Hvaldimir’s discovery confirmed what Western intelligence agencies had long suspected: that Russia maintained active military marine mammal programs, likely inherited from Soviet-era facilities. The Soviet Union had operated a major dolphin training center in Sevastopol, Crimea. After the Soviet collapse, Ukraine took control of the facility and eventually repurposed the dolphins for therapeutic work with autistic and emotionally disturbed children. When Russia annexed Crimea in 2014, reports indicated the military dolphin program was reactivated.
Other Species That Were Tested
The Navy’s early experimentation cast a wide net. Sharks were evaluated for their electroreceptive abilities, which allow them to detect the faint electrical fields generated by metal objects and living organisms. Rays were studied for similar reasons. Sea turtles were tested for their long-range navigation capabilities, and marine birds were assessed for potential surveillance roles. None of these species proved trainable or reliable enough for operational deployment, which is why the program narrowed to dolphins and sea lions.

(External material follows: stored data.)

(* Consider the real-time transmission decision problem described in the context. Suppose that at time slot $i$ the sensor has $N\ge1$ battery units and $n\ge 1$ target measurements remaining, the sensed data has valuation $x_i$, the instantaneous channel gain is $h_i$ (giving success probability $\mathcal{P}_s^i$), and the utility achieved by the base station on successful reception is $U(x_i)$. Then it is optimal for the sensor to transmit the data if and only if $x_i\ge a_N^n$, where \[ a_N^n = U^{-1}\Bigg[\frac{1-\pi}{\mathcal{P}_s^i}\,\mathbb{E}[V(N,n-1)-V(N-1,n-1)] + \frac{\pi}{\mathcal{P}_s^i}\,\mathbb{E}[V(N+1,n-1)-V(N,n-1)]\Bigg]. \]
   Context: An IoT sensor operates in discrete time slots. At the start of each slot $i$ a piece of sensed data with valuation $x_i\in\mathbb{R}^+$ is generated; the valuations are i.i.d. with density $f_X$ and cdf $F_X$. The channel gain $h_i$ in slot $i$ is i.i.d. exponential with mean $\mu^{-1}$ (Rayleigh fading), and is observed by the sensor; the probability that a transmission in slot $i$ is successfully received is $\mathcal{P}_s^i=\alpha_1$ if $h_i\ge\rho_{\text{th}}$ and $\mathcal{P}_s^i=\alpha_0$ if $h_i<\rho_{\text{th}}$, where $\alpha_0,\alpha_1\in(0,1]$. A utility $U(x_i)$ is obtained by the base station when data of valuation $x_i$ is successfully received, where $U:\mathbb{R}\to\mathbb{R}$ is monotonically increasing and invertible. In each slot, after observing $x_i$ and $\mathcal{P}_s^i$, the sensor decides either to transmit (consuming one battery unit, which requires at least one unit available, and earning expected utility $U(x_i)\mathcal{P}_s^i$) or to discard the data (earning zero). After the decision, one unit of energy is harvested with probability $\pi\in[0,1]$, independently across slots. Thus from state ($N$ units, $n$ measurements remaining), transmitting leads to ($N$, $n-1$) w.p. $\pi$ and ($N-1$, $n-1$) w.p. $1-\pi$, while discarding leads to ($N+1$, $n-1$) w.p. $\pi$ and ($N$, $n-1$) w.p. $1-\pi$. Once the battery is completely depleted (0 units) the sensor shuts down and earns nothing further. The sensor seeks to maximize the expected total utility $\mathbb{E}[\sum_k U(x_k)\mathcal{P}_s^k y_k]$ where $y_k\in\{0,1\}$ is the transmit decision in slot $k$. $V(N,n)$ denotes the maximum expected total utility obtainable over the remaining $n$ slots starting with $N$ battery units, given the observed current $x_i$ and $\mathcal{P}_s^i$; $\mathbb{E}[V(N,n)]$ denotes its expectation over the current slot's valuation and channel state, with $\mathbb{E}[V(N,0)]=0$ and $\mathbb{E}[V(0,n)]=0$. *)

From HB Require Import structures.
From mathcomp Require Import all_boot all_order all_algebra.
From mathcomp Require Import all_classical all_reals all_analysis.
Set Implicit Arguments. Unset Strict Implicit. Unset Printing Implicit Defensive.
Import Order.TTheory GRing.Theory Num.Theory.
Import numFieldNormedType.Exports.
Local Open Scope classical_set_scope.
Local Open Scope ring_scope.

Section Model.
Variable R : realType.
(* fX : density of the valuation x on R^+ ; U : utility ;
   a0 a1 : success probabilities (alpha_0, alpha_1) ; rho : threshold rho_th ;
   mu : rate of the exponential channel gain (mean 1/mu) ; p : harvest prob. pi *)
Variables (fX U : R -> R) (a0 a1 rho mu p : R).

Definition succ_prob (h : R) : R := if rho <= h then a1 else a0.

Definition Ex (g : R -> R) : R :=
  \int[lebesgue_measure]_(x in `[0%R, +oo[) (g x * fX x).

Definition Eh (g : R -> R) : R :=
  \int[lebesgue_measure]_(h in `[0%R, +oo[) (mu * expR (- (mu * h)) * g h).

Definition Exh (g : R -> R -> R) : R := Eh (fun h => Ex (fun x => g x h)).

(* Dynamic programming: EV n N = E[V(N,n)], given EVprev = E[V(., n-1)] *)
Definition Qtx (EVprev : nat -> R) (N : nat) (x P : R) : R :=
  U x * P + p * EVprev N + (1 - p) * EVprev N.-1.
Definition Qdisc (EVprev : nat -> R) (N : nat) : R :=
  p * EVprev N.+1 + (1 - p) * EVprev N.

Definition Vstep (EVprev : nat -> R) (N : nat) (x P : R) : R :=
  if N is 0 then 0 else Num.max (Qtx EVprev N x P) (Qdisc EVprev N).

Fixpoint EVfun (n : nat) : nat -> R :=
  match n with
  | 0 => fun _ => 0
  | n'.+1 => fun N =>
      if N is 0 then 0
      else Exh (fun x h => Vstep (EVfun n') N x (succ_prob h))
  end.

Definition EV (N n : nat) : R := EVfun n N.

Definition V (N n : nat) (x P : R) : R :=
  if n is n'.+1 then Vstep (EVfun n') N x P else 0.

Definition transmit_optimal (N n : nat) (x P : R) : Prop :=
  if n is n'.+1 then (0 < N)%N /\ Qtx (EVfun n') N x P = V N n x P else False.

End Model.

From HB Require Import structures.
From mathcomp Require Import all_boot all_order all_algebra.
From mathcomp Require Import all_classical all_reals all_analysis.
From mathcomp Require Import ring.
Import Order.TTheory GRing.Theory Num.Theory.
Import numFieldNormedType.Exports.
Local Open Scope classical_set_scope.
Local Open Scope ring_scope.

(* Bellman's equation compares transmitting, worth U(x) P plus the expected
   future value with one unit of energy less, against discarding.  Their
   difference is U(x) P minus the expected marginal value of one battery unit,
   so transmitting is optimal exactly when U(x) exceeds that marginal value
   divided by P > 0; inverting the increasing U gives the threshold on x. *)

Section Threshold.
Variables (R : realType) (U : R -> R) (p : R).

Definition marginal_energy_value (EVprev : nat -> R) (N : nat) : R :=
  (1 - p) * (EVprev N - EVprev N.-1) + p * (EVprev N.+1 - EVprev N).

Lemma Qtx_subr_Qdisc (EVprev : nat -> R) (N : nat) (x P : R) :
  Qtx U p EVprev N x P - Qdisc p EVprev N
  = U x * P - marginal_energy_value EVprev N.
Proof. by rewrite /Qtx /Qdisc /marginal_energy_value; ring. Qed.

Lemma Qdisc_le_Qtx (EVprev : nat -> R) (N : nat) (x P : R) : 0 < P ->
  (Qdisc p EVprev N <= Qtx U p EVprev N x P)
  = (marginal_energy_value EVprev N / P <= U x).
Proof.
by move=> P_gt0; rewrite -subr_ge0 Qtx_subr_Qdisc subr_ge0 ler_pdivrMr.
Qed.

End Threshold.

Lemma succ_prob_gt0 (R : realType) (a0 a1 rho h : R) :
  0 < a0 -> 0 < a1 -> 0 < succ_prob a0 a1 rho h.
Proof. by move=> a0_gt0 a1_gt0; rewrite /succ_prob; case: ifP. Qed.

Lemma transmit_optimalE (R : realType) (fX U : R -> R) (a0 a1 rho mu p : R)
    (N n : nat) (x P : R) : (0 < N)%N ->
  let EVprev := EVfun fX U a0 a1 rho mu p n in
  transmit_optimal fX U a0 a1 rho mu p N n.+1 x P
  <-> Qdisc p EVprev N <= Qtx U p EVprev N x P.
Proof.
case: N => // N _ EVprev; rewrite /transmit_optimal /V /Vstep.
split=> [[_ /esym/max_idPl] | /max_idPl/esym] //.
Qed.

Theorem theorem1 (R : realType) (fX U Uinv : R -> R) (a0 a1 rho mu p : R)
  (hfX0 : forall x, 0 <= fX x)
  (hfXm : measurable_fun setT fX)
  (hfX1 : (\int[lebesgue_measure]_(x in `[0%R, +oo[) (fX x)%:E = 1)%E)
  (hU : forall x y, x < y -> U x < U y)
  (hUK : cancel U Uinv) (hUinvK : cancel Uinv U)
  (ha0 : 0 < a0 <= 1) (ha1 : 0 < a1 <= 1)
  (hmu : 0 < mu) (hp : 0 <= p <= 1)
  (N n : nat) (hN : (1 <= N)%N) (hn : (1 <= n)%N)
  (x h : R) (hx : 0 <= x) (hh : 0 <= h) :
  let P := succ_prob a0 a1 rho h in
  let EVm := EV fX U a0 a1 rho mu p in
  transmit_optimal fX U a0 a1 rho mu p N n x P <->
  x >= Uinv ((1 - p) / P * (EVm N n.-1 - EVm N.-1 n.-1)
             + p / P * (EVm N.+1 n.-1 - EVm N n.-1)).
Proof.
move=> P EVm.
have P_gt0 : 0 < P.
  by case/andP: ha0 => a0_gt0 _; case/andP: ha1 => a1_gt0 _; exact: succ_prob_gt0.
case: n hn => // n _; rewrite transmit_optimalE // Qdisc_le_Qtx //.
rewrite -[_ <= x](le_mono hU) hUinvK /EVm /EV /marginal_energy_value.
by rewrite mulrDl mulrAC (mulrAC p).
Qed.
(* For every $m\ge0$ and $n\ge1$ there is a bijection between $Q_3(m,n)$ and $P_3(-m,n)$.
   Context: Partitions: $\lambda_1\ge\cdots\ge\lambda_\ell>0$, $\ell(\lambda)=\ell$, $\lambda_i=0$ for $i>\ell$, $s(\lambda)$ the smallest part with $s(\emptyset)=+\infty$. Rank $=\lambda_1-\ell$; rank-set $=[-\lambda_1,1-\lambda_2,\dots,\ell-1-\lambda_\ell,\ell,\ell+1,\dots]$. $Q(m,n)$: partitions of $n$ whose rank-set contains $m$; $P(-m,n)$: partitions of $n$ with rank $\ge-m$. $m$-Durfee rectangle symbol $(\alpha,\beta)_{(m+j)\times j}$ of $\lambda$: $j\ge0$ is the largest integer with $\lambda_{m+j}\ge j$; $\alpha$ is the conjugate of $(\lambda_1-j,\dots,\lambda_{m+j}-j)$ and $\beta=(\lambda_{m+j+1},\lambda_{m+j+2},\dots)$; $|\lambda|=|\alpha|+|\beta|+j(m+j)$. $Q_3(m,n)$ is the set of $\lambda\in Q(m,n)$ whose symbol has $j\ge1$, $\ell(\beta)-\ell(\alpha)\ge1$, $\alpha_1=m+j$ and $s(\beta)=1$. $P_3(-m,n)$ is the set of $\mu\in P(-m,n)$ whose symbol $(\gamma,\delta)_{(m+j')\times j'}$ has $j'\ge2$ and $\delta_1\le j'-2$. *)

(* Integer partitions represented as seq nat (weakly
   decreasing, positive parts); lambda_i (1-indexed) = nth 0 l (i-1),
   so lambda_i = 0 for i > ell. *)
From mathcomp Require Import all_boot all_order all_algebra.
Set Implicit Arguments. Unset Strict Implicit. Unset Printing Implicit Defensive.
Import GRing.Theory Num.Theory.

Definition part (l : seq nat) (i : nat) : nat :=
  if i is i'.+1 then nth 0 l i' else 0.

Definition is_partition (l : seq nat) : bool :=
  sorted geq l && all (fun x => 0 < x) l.

Definition partition_of (n : nat) (l : seq nat) : bool :=
  is_partition l && (sumn l == n).

Definition rank (l : seq nat) : int := (Posz (part l 1) - Posz (size l))%R.

Definition in_rankset (l : seq nat) (x : int) : Prop :=
  (exists2 i, (1 <= i <= size l)%N & x = (Posz (i.-1) - Posz (part l i))%R)
  \/ ((Posz (size l)) <= x)%R.

Definition Qset (m n : nat) (l : seq nat) : Prop :=
  partition_of n l /\ in_rankset l (Posz m).

Definition Pset (m n : nat) (l : seq nat) : Prop :=
  partition_of n l /\ (- (Posz m) <= rank l)%R.

(* conjugate of a (finite) sequence of naturals: k-th part (1-indexed) is
   the number of entries >= k *)
Definition conj (s : seq nat) : seq nat :=
  mkseq (fun k => count (fun x => k < x) s) (foldr maxn 0 s).

(* m-Durfee rectangle: j = largest j >= 0 with lambda_{m+j} >= j
   (j = 0 always qualifies; any j >= 1 that qualifies has m+j <= ell,
   so j <= ell, hence the bounded max is the true max). *)
Definition durfee_ok (m : nat) (l : seq nat) (j : nat) : bool :=
  (j == 0) || (j <= part l (m + j)).
(* If a point of the backward orbit of [b] lay in its forward orbit, that orbit
   would be periodic and [f] injective. *)
Lemma homeo_part_iter_inj (b : T) : homeo_part f b ->
  forall n y, iter n f y = iter n f b -> y = b.
Proof.
move=> [x [x0 [xS orbit_x]]] n y e.
have iter_x k a : iter k f (x a) = x (a + k%:Z)%R.
  elim: k a => [|k IH] a /=; first by rewrite addr0.
  by rewrite IH xS; congr x; lia.
have : full_orbit f b y by exists n, n.
rewrite orbit_x => -[m _ xm].
have xmn : x (m + n%:Z)%R = x n.
  by rewrite -iter_x xm e -x0 iter_x; congr x; lia.
have [m0|m0] := eqVneq m 0%R; first by rewrite -xm m0 x0.
suff /(@inj_iter _ _ n) finj : injective f by exact: finj e.
case: m m0 xm xmn => [[|d]|k] // _ _ xmn.
  apply: (@periodic_minimal_injective (x n) d.+1) => //.
  by rewrite iter_x -xmn; congr x; lia.
apply: (@periodic_minimal_injective (x (Negz k + n%:Z)%R) k.+1) => //.
by rewrite iter_x xmn; congr x; lia.
Qed.

End MinimalMap.

Lemma residual_bigcup (T : topologicalType) (I : countType) (A : I -> set T) :
  (forall i, nowhere_dense (A i)) -> residual (~` \bigcup_i A i).
Proof.
move=> ndA; exists (fun n => if unpickle n is Some i then A i else set0).
split=> [n|].
  case: unpickle => [i|]; first exact: ndA.
  by rewrite /nowhere_dense closure0 interior0.
congr setC; apply/seteqP; split=> x [i _ Aix].
  by exists (pickle i) => //; rewrite pickleK.
by move: Aix; case: unpickle => [j|//] Ajx; exists j.
Qed.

How These Animals Are Protected
Military use of marine mammals in the United States falls under the Marine Mammal Protection Act, which requires the Navy to implement measures that produce the “least practicable adverse impact” on the animals. For military readiness activities, this standard is balanced against personnel safety, practicality, and the effectiveness of the mission.
All bridge watch personnel, commanding officers, patrol aircraft crews, and lookouts must complete Marine Species Awareness Training before standing watch. Vessels must maintain buffer zones of 500 yards around whales and 200 yards around other marine mammals during operations. When large whale groups of four or more are spotted near Navy vessels in certain areas, real-time alerts are issued to all ships in the vicinity. The Navy also issues seasonal awareness messages timed to whale migration patterns and oceanographic conditions.
The animals in the program itself receive veterinary care, and the Navy has stated that its dolphins and sea lions are never placed in situations where they could be harmed by mines or hostile swimmers. The animals detect and report threats but do not interact with them directly. Whether these protections are sufficient remains a point of debate among animal welfare organizations, particularly given that the animals are deployed in active conflict zones where conditions are unpredictable.